The parts adjacent to it gradually decrease in advantage or disadvantage the closer they get to it, just like the parts which move away little by little from the scales on the beam towards the balance. The ennead and the monad are at the furthest distance, whence the ennead has the greatest advantage, the monad the greatest disadvantage, each by a full tetrad. A little further in from these are the ogdoad and the dyad, whence the ogdoad has a little less excess, the dyad a little less defectiveness; in each case the excess or defectiveness is a triad. Then, next to these, are the hebdomad and the triad, whence the triad is defective and the hebdomad excessive by the next amount—they are a dyad away from the centre. Further in from these and next to the pentad, as it were to the balance, are the tetrad and the hexad, which has the least excess, for no smaller number than this can be thought of.
When the beam is suspended, the parts with excess make excessive both the angle at the scales and the angle at the balance, while the parts with defectiveness make the angle defective in both cases, and the obtuse angle is the excessive one, since a right angle has the principle of maximum equality.

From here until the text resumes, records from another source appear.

Lemma lift_defect_d f H0 : is_chain f -> is_hom H0 ->
  (forall x, elt x -> req (f p x) (H0 (dif A p (p + 1) x))) ->
  forall v, elt v -> req (lift_defect f H0 (dif A p (p + 1) v)) (rzero _).
Proof.
have [HY dY _ _] := cY.
move=> [_ fd] hH0 H0d v ev; apply: rsubrr.
exact: req_trans (fd _ _ v ev) (hom_req (dY _ _) (H0d v ev)).
Qed.

Lemma null_homotopic_of_lift f H0 : is_chain f -> two_term Y p ->
  injective_mod (cobj Y (p + 1)) -> is_hom H0 ->
  (forall x, elt x -> req (f p x) (H0 (dif A p (p + 1) x))) ->
  (forall x, Defs.cycle x -> req (lift_defect f H0 x) (rzero _)) ->
  null_homotopic f.
Proof.
have [HA _ _ _] := cA; have [HY dY _ _] := cY.
move=> cf tY injY hH0 H0d defect_cyc; have [hf _] := cf.
have [H1 [hH1 H1d]] := extend_along_d cA injY (lift_defect_hom cf hH0) defect_cyc.
apply: (two_term_null_homotopic cA cY tY hH0 hH1 H0d) => x ex.
have ef := hom_elt (hf (p + 1)) ex; have edH := hom_elt (dY p (p + 1)) (hom_elt hH0 ex).
exact: req_sym (req_trans (req_add edH (H1d x ex)) (radd_subK ef edH)).
Qed.

End Lift.

Lemma exact_two_term_null {R : pzRingType} (A Y : cplx R) (p : int) (f : cmap A Y) :
  is_complex A -> is_complex Y -> is_chain f -> two_term Y p ->
  injective_mod (cobj Y p) -> injective_mod (cobj Y (p + 1)) ->
  exact_at A p -> exact_at A (p + 1) -> null_homotopic f.
Proof.
move=> cA cY cf tY injY0 injY1 exA0 exA1.
have [|H0 [hH0 H0d]] := exists_lift cA cY cf injY0 _ exA0; first by apply: tY; lia.
apply: (null_homotopic_of_lift cA cY cf tY injY1 hH0 H0d) => x /exA1 /boundary_succ [v [ev xv]].
have [hf _] := cf; have [HY _ _ _] := cY.
apply: req_trans (hom_req (lift_defect_hom cA cY cf hH0) xv) _.
exact: (lift_defect_d cY cf hH0 H0d ev).
Qed.

Lemma shift_complex {R : pzRingType} (X : cplx R) (i : int) :
  is_complex X -> is_complex (shift X i).
Proof.
move=> [HX dX zX ddX]; split=> /= [n|m n|m n x ne ex|m n k x ex]; first exact: HX.
- by case: (odd _); [exact: hom_opp|exact: dX].
- have h : req (dif X (m + i) (n + i) x) (rzero _) by apply: zX ex; lia.
  by case: (odd _); [exact: req_trans (req_opp h) ropp0|exact: h].
- have h := ddX _ (n + i) (k + i) x ex; case: (odd _) => //.
  have edx := hom_elt (dX (m + i) (n + i)) ex.
  apply: req_trans (req_opp (homN (dX _ _) edx)) _.
  exact: req_trans (req_opp (req_opp h)) (req_trans (req_opp ropp0) ropp0).
Qed.

Lemma zero_mod_rmod {R : pzRingType} : is_rmod (zero_mod R).
Proof. by do 13 split. Qed.

Section Zeta.
Context {R : pzRingType} {Q0 Q1 : rmod R} {HQ0 : is_rmod Q0} {HQ1 : is_rmod Q1}.
Variables (zeta : car Q0 -> car Q1) (hz : is_hom zeta).

Lemma zeta_obj_rmod n : is_rmod (zeta_obj Q0 Q1 n).
Proof. by case: n => [[|[|k]]|k] //=; exact: zero_mod_rmod. Qed.

Lemma zeta_complex : is_complex (zeta_cplx zeta).
Proof.
have H00 := @zero_mod_rmod R.
split=> [n|i j|i j x ne _|i j k x ex]; first exact: zeta_obj_rmod.
- by case: i => [[|[|i]]|i]; case: j => [[|[|j]]|j] /=; first [exact: hz|exact: hom_zero].
- case: i ne x => [[|[|i]]|i]; case: j => [[|[|j]]|j] //= ne x;
    first [exact: elt0|lia].
- case: i x ex => [[|[|i]]|i]; case: j => [[|[|j]]|j]; case: k => [[|[|k]]|k] /= x ex;
    first [done|exact: elt0|exact: hom0 hz].
Qed.

Lemma two_term_shift_zeta i : two_term (shift (zeta_cplx zeta) i) (- i).
Proof.
move=> n n1 n2 /=; have : n + i <> 0 by lia.
have : n + i <> 1 by lia.
by case: (n + i) => [[|[|k]]|k].
Qed.

Lemma shift_zeta_obj0 i : cobj (shift (zeta_cplx zeta) i) (- i) = Q0.
Proof. by rewrite /= addNr. Qed.

Lemma shift_zeta_obj1 i : cobj (shift (zeta_cplx zeta) i) (- i + 1) = Q1.
Proof. by rewrite /= addrAC addNr add0r. Qed.

End Zeta.
Arguments two_term_shift_zeta {R Q0 Q1} zeta i.

Lemma trunc_le0_roof_null {R : pzRingType} (A Y : cplx R) (p : int) (f : cmap A Y) :
  is_complex A -> is_complex Y -> is_chain f -> two_term Y p -> 0 <= p ->
  (forall x : car (cobj (trunc_le0 A) p), elt x -> req (f p x) (rzero _)) ->
  null_homotopic (cmap_comp f (trunc_incl A)).
Proof.
move=> cA cY [hf _] tY p_ge0 f_p; have cT := trunc_le0_complex cA.
have [HY dY _ _] := cY; have [HA _ _ _] := cA.
apply: (two_term_null_homotopic cT cY tY (hom_zero _) (hom_zero _)) => [x ex|x [ex Px _]].
  exact: f_p.
have p1_gt0 : 0 < p + 1 by lia.
have x0 : @req _ (cobj A (p + 1)) x (rzero _) := le0_pred_pos (X := A) p1_gt0 Px.
apply: req_trans (hom_eq0 (hf _) x0) (req_sym _).
exact: req_trans (req_add (hom0 (dY _ _)) elt0) (radd0l elt0).
Qed.

Section TruncExact.
Context {R : pzRingType} (X B : cplx R) (cX : is_complex X).

Lemma qiso_trunc_le0_exact (s : cmap B (trunc_le0 X)) : is_chain s -> quasi_iso s ->
  forall n, 0 < n -> exact_at B n.
Proof.
move=> [hs _] qs n n_gt0 y cy; apply: (proj2 (qs n) _ cy).
have [_ Ps _] := hom_elt (hs n) (proj1 cy).
apply: boundary_eq0 (trunc_le0_complex cX) _.
by split; [exact: le0_pred_pos Ps|exact: Ps|exact: le0_pred0].
Qed.

Lemma trunc_ge0_req_neg n (x y : car (cobj X n)) : n < 0 ->
  @req _ (cobj (trunc_ge0 X) n) x y = (req x (rzero _) /\ req y (rzero _)).
Proof. by move=> n_lt0 /=; rewrite n_lt0. Qed.

Lemma qiso_trunc_ge0_exact (s : cmap B (trunc_ge0 X)) : is_chain s -> quasi_iso s ->
  forall n, n < 0 -> exact_at B n.
Proof.
have [HX dX _ _] := cX.
move=> [hs _] qs n n_lt0 y cy; apply: (proj2 (qs n) _ cy); exists (rzero _).
have := hom_elt (hs n) (proj1 cy); rewrite /elt !trunc_ge0_req_neg //; last lia.
by case=> sy0 _ /=; split; split=> //; [exact: elt0|exact: elt0|exact: hom0 (dX _ _)].
Qed.

End TruncExact.

(* X^0 / Im d^-1, which is also, by conversion, the degree-0 module of [trunc_ge0 X]. *)
Definition coker0 {R : pzRingType} (X : cplx R) : rmod R :=
  restrict (quotrel (dif X (0 - 1) 0)).

Lemma coker0_rmod {R : pzRingType} (X : cplx R) : is_complex X -> is_rmod (coker0 X).
Proof. by case=> HX dX _ _; exact: quot_rmod (dX _ _). Qed.

Section RoofLe0.
(* Keeps the degree argument of the section variables [s] and [f] explicit. *)
Local Unset Implicit Arguments.
Context {R : pzRingType} {Q0 Q1 : rmod R} {HQ0 : is_rmod Q0} {HQ1 : is_rmod Q1}.
Context (zeta : car Q0 -> car Q1) (hz : is_hom zeta).
Context (injQ0 : injective_mod Q0) (injQ1 : injective_mod Q1).
Context (X B : cplx R) (cX : is_complex X) (cB : is_complex B).
Context (s : cmap B (trunc_le0 X)) (cs : is_chain s) (qs : quasi_iso s).
Context (f : cmap B (shift (zeta_cplx zeta) 0)) (cf : is_chain f).

Lemma s0_coker_hom : @is_hom R (cobj B 0) (coker0 X) (s 0).
Proof.
have [HX dX _ _] := cX; apply: (hom_restrict_codomain _ (proj1 cs 0)).
by move=> x y [h _ _]; exact: quotrel_req.
Qed.

Lemma boundary_of_s0_coker_eq0 x :
  Defs.cycle x -> @req _ (coker0 X) (s 0 x) (rzero _) -> boundary x.
Proof.
have [HX dX _ ddX] := cX; move=> cx [es _ [w [ew hw]]].
apply: (proj2 (qs 0) x cx); exists w.
have Pw : le0_pred w by exact: le0_pred_neg.
split; first by split.
have [_ Ps _] := hom_elt (proj1 cs 0) (proj1 cx).
split=> /=; [|exact: Ps|exact: ddX].
exact: req_trans (req_sym (radd0r es)) (req_trans (req_add es (req_sym ropp0)) hw).
Qed.

Lemma f0_kills_boundaries x : boundary x -> req (f 0 x) (rzero Q0).
Proof.
have [HB _ _ _] := cB; have [hf fd] := cf.
have [_ dY _ _] := shift_complex 0 (zeta_complex hz).
case=> z [ez xz]; apply: req_trans (hom_req (hf 0) xz) _.
by apply: req_trans (fd _ _ z ez) _; apply: (hom_eq0 (dY _ _)).
Qed.

Lemma f0_factors_through_coker0 : exists phi : car (coker0 X) -> car Q0,
  is_hom phi /\ forall x, Defs.cycle x -> req (phi (s 0 x)) (f 0 x).
Proof.
have [HB _ _ _] := cB; have HN := coker0_rmod cX.
exact: (extend_on_cycles cB injQ0 s0_coker_hom (proj1 cf 0)
  boundary_of_s0_coker_eq0 f0_kills_boundaries).
Qed.

Section Phi.
Context (phi : car (coker0 X) -> car Q0) (hphi : is_hom phi).
Hypothesis phi_s0 : forall x, Defs.cycle x -> req (phi (s 0 x)) (f 0 x).

Lemma zeta_phi_kills_cycles z : Defs.cycle z -> req (zeta (phi z)) (rzero Q1).
Proof.
have [HX dX _ ddX] := cX; have [HB dB _ _] := cB; have [hf fd] := cf.
have HN := coker0_rmod cX.
move=> [ez dz]; have cz : @Defs.cycle _ (trunc_le0 X) 0 z.
  by split; split=> //=; exact: elt0.
have [x [[ex dx] [w [[ew _ _] [hw _ _]]]]] := proj1 (qs 0) z cz.
have [esx _ _] := hom_elt (proj1 cs 0) ex.
have sxz : @req _ (coker0 X) (s 0 x) z by split=> //; exists w.
apply: (req_trans (hom_req hz (hom_req hphi (req_sym sxz)))).
apply: (req_trans (hom_req hz (phi_s0 _ (conj ex dx)))).
exact: req_trans (req_sym (fd 0 1 x ex)) (hom_eq0 (hf 1) dx).
Qed.

Lemma phi_kills_s0_cycles : HomK_zero X (zeta_cplx zeta) ->
  forall x, Defs.cycle x -> req (phi (s 0 x)) (rzero Q0).
Proof.
move=> hK x0 cx0; have [HX dX _ _] := cX; have HN := coker0_rmod cX.
have cZ : is_complex (zeta_cplx zeta) by exact: zeta_complex.
have hphiX : @is_hom R (cobj X 0) Q0 phi by exact: (hom_of_quot (dX _ _) hphi).
have [psi [hpsi psid]] := extend_along_d cX injQ1 (hom_comp hphiX hz) zeta_phi_kills_cycles.
have chF : is_chain (@two_term_cmap _ X (zeta_cplx zeta) 0 phi psi).
  by apply: (two_term_cmap_chain cX cZ hphiX hpsi (quot_hom_kills (dX _ _) hphi) psid).
have [K [hK1 eK]] := hK _ chF.
have [esx Psx _] := hom_elt (proj1 cs 0) (proj1 cx0).
have eK0 := eK 0 (s 0 x0) esx; rewrite two_term_cmap_p in eK0.
have d_sx0 : req (dif X 0 (0 + 1) (s 0 x0)) (rzero _) by exact: Psx.
have dZ0 : req (dif (zeta_cplx zeta) (0 - 1) 0 (K 0 (0 - 1) (s 0 x0))) (rzero Q0).
  exact: (@elt0 _ Q0 _).
apply: (req_trans eK0).
exact: req_trans (req_add dZ0 (hom_eq0 (hK1 _ _) d_sx0)) (radd0l elt0).
Qed.

End Phi.

Lemma roof_le0_kills_cycles : HomK_zero X (zeta_cplx zeta) ->
  forall x, Defs.cycle x -> req (f 0 x) (rzero Q0).
Proof.
move=> hK x cx; have [phi [hphi phi_s0]] := f0_factors_through_coker0.
exact: req_trans (req_sym (phi_s0 x cx)) (phi_kills_s0_cycles phi hphi phi_s0 hK x cx).
Qed.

Since in a case of injustice those who are wronged and those who do wrong are equivalent, just as in a case of inequality the greater and the lesser parts are equivalent, but nevertheless those who do wrong are more unjust than those who suffer wrong (for the onegroup requires punishment, the other compensation and help), therefore the parts which are at a distance on the side of the obtuse angle, where the weighing instrument is concerned and in the terms of our mathematical illustration (i.e. the parts with advantage), are progressively further away from the mean, which is justice; but the parts on the side of the acute angle will increasingly approach and come near, and as it were through continually suffering wrong in being at a disadvantage, while the others will travel downwards and into corruption and immersion in evil, they will rise up and take refuge in God through their need for retribution and compensation.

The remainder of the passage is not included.